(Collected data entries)
──────────────────────────────
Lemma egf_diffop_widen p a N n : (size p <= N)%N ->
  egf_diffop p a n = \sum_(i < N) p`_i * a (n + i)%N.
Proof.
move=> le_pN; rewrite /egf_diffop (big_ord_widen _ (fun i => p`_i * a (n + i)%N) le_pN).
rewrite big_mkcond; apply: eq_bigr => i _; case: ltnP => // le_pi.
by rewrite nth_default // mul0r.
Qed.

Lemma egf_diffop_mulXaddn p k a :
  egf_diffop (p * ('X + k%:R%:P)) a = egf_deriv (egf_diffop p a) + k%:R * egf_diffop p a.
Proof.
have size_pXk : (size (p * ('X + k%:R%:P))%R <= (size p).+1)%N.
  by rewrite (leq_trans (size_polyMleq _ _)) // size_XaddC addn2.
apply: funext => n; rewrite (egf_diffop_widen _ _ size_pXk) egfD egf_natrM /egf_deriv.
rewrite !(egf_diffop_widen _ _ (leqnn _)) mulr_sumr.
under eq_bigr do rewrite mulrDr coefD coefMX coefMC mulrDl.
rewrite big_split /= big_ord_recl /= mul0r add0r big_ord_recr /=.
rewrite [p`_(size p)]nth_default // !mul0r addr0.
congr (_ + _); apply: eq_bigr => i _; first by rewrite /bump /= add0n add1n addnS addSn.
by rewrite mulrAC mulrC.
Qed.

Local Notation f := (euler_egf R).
──────────────────────────────
▶ _Work instruction_: From the line containing "have size_pXk : (size" to the final line of the data above, transcribe every line exactly and nothing more.

▶ _Solution to the problem_:
have size_pXk : (size (p * ('X + k%:R%:P))%R <= (size p).+1)%N.
  by rewrite (leq_trans (size_polyMleq _ _)) // size_XaddC addn2.
apply: funext => n; rewrite (egf_diffop_widen _ _ size_pXk) egfD egf_natrM /egf_deriv.
rewrite !(egf_diffop_widen _ _ (leqnn _)) mulr_sumr.
under eq_bigr do rewrite mulrDr coefD coefMX coefMC mulrDl.
rewrite big_split /= big_ord_recl /= mul0r add0r big_ord_recr /=.
rewrite [p`_(size p)]nth_default // !mul0r addr0.
congr (_ + _); apply: eq_bigr => i _; first by rewrite /bump /= add0n add1n addnS addSn.
by rewrite mulrAC mulrC.
Qed.

Local Notation f := (euler_egf R).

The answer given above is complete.